What type of player like superstar/allstar/roleplayer/specialist


----------



## kamego

*Re: Darko got some playing time...*



SHEED! said:


> What type of player like superstar/allstar/roleplayer/specialist


The team said when he was drafted, he wouldn't do anything until his 3rd or 4th season. At that point he was supposed to start taking off. They said they expected him to be the next Bill Russell.


----------



## STUCKEY!

*Re: Darko got some playing time...*



kamego said:


> The team said when he was drafted, he wouldn't do anything until his 3rd or 4th season. At that point he was supposed to start taking off. They said they expected him to be the next Bill Russell.


lol too funny hes got along way to go


----------



## kamego

*Re: Darko got some playing time...*



SHEED! said:


> lol too funny hes got along way to go


So far he has been right down Joe Dumars expections made during the draft.


----------



## STUCKEY!

*Re: Darko got some playing time...*



kamego said:


> So far he has been right down Joe Dumars expections made during the draft.


So this year we all can see what Darko will become. 
This will be interesting


----------



## kamego

*Re: Darko got some playing time...*



SHEED! said:


> So this year we all can see what Darko will become.
> This will be interesting


Yep, this is the first year he is supposed to be abe to help out team win games.


----------



## STUCKEY!

*Re: Darko got some playing time...*



kamego said:


> Yep, this is the first year he is supposed to be abe to help out team win games.


No way he meets expectations. Say He was a late first or second round pick i think he would have done much better because expectations would be much lower. lets face it he wont be a superstar.


----------



## kamego

*Re: Darko got some playing time...*



SHEED! said:


> No way he meets expectations. Say He was a late first or second round pick i think he would have done much better because expectations would be much lower. lets face it he wont be a superstar.

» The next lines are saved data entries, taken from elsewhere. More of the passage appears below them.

(* Represent A_n on V = (Z/2)^(3k+1) by a colouring of V: the pair (u, v) carries the atom of
   u - v, where 0 gets 1', the nonzero vectors of Hamming weight at most 2k get r, and every
   heavier vector x gets some b_(F x).  Two heavy vectors add up to a light one, so no forbidden
   cycle b_i b_j b_l occurs; the mandatory cycles ask that every colour, or pair of colours, be
   realised on a heavy x with x + d heavy (for light d), resp. with x + d light and nonzero (for
   any d != 0).  For a uniformly random F, each such requirement has at least 4k^3 disjoint
   candidate witnesses, so it fails with probability at most 2^(-4k); as there are only
   2^(3k+1) (n^2 + n) requirements, a union bound yields a good F once 14 <= k and n <= k. *)

Lemma leq_two_binomial_terms a j : a ^ j.+1 + j.+1 * a ^ j <= a.+1 ^ j.+1.
Proof.
elim: j => [|j IH]; first by rewrite !expn1 expn0 muln1 addn1.
rewrite [a.+1 ^ j.+2]expnS; apply: leq_trans _ (leq_mul (leqnn a.+1) IH).
rewrite !expnS; nia.
Qed.

Lemma predn_expn_half q : 0 < q -> q.-1 ^ q * 2 <= q ^ q.
Proof.
case: q => // a _; apply: leq_trans _ (leq_two_binomial_terms a a); rewrite expnS /=; nia.
Qed.

Lemma predn_expn_le_pow2 q L M : 0 < q -> q * L <= M -> q.-1 ^ M * 2 ^ L <= q ^ M.
Proof.
move=> q_gt0 qLM; rewrite -(subnK qLM) !expnD -mulnA.
apply: leq_mul; first by case: (_ - _) => // e; rewrite leq_exp2r ?leq_pred.
rewrite !expnM -expnMn; case: L {qLM} => // L.
by rewrite leq_exp2r ?predn_expn_half.
Qed.

Lemma central_binomial_ge a : 4 ^ a <= 'C(a.*2, a) * a.*2.+1.
Proof.
elim: a => [|a IH] //.
have E : a.+1 * 'C(a.+1.*2, a.+1) = 2 * a.*2.+1 * 'C(a.*2, a).
  have := mul_bin_diag a.*2.+1 a; have := mul_bin_down a.*2.+2 a.+1.
  rewrite /= doubleS (_ : a.*2.+2 - a.+1 = a.+1); last by lia.
  nia.
rewrite expnS -(leq_pmul2l (ltn0Sn a)); move: E IH; rewrite doubleS; nia.
Qed.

He is more of an atheltic freak then Ben Wallace, to say he can't be a superstar is worthless. He's a 20 year old 7 foot center that has all the gifts in the world physically.


----------



## STUCKEY!

*Re: Darko got some playing time...*



kamego said:


> He is more of an atheltic freak then Ben Wallace, to say he can't be a superstar is worthless. He's a 20 year old 7 foot center that has all the gifts in the world physically.


So is kwame brown ,Stromile swift to name a few


----------



## kamego

*Re: Darko got some playing time...*



SHEED! said:


> So is kwame brown ,Stromile swift to name a few


Neither of those two names are athelticly on the same level as Darko. That is why everyone makes such a big deal about him. People didn't just compare him to KG for no reason when he was drafted.


----------



## STUCKEY!

*Re: Darko got some playing time...*



kamego said:


> Neither of those two names are athelticly on the same level as Darko. That is why everyone makes such a big deal about him. People didn't just compare him to KG for no reason when he was drafted.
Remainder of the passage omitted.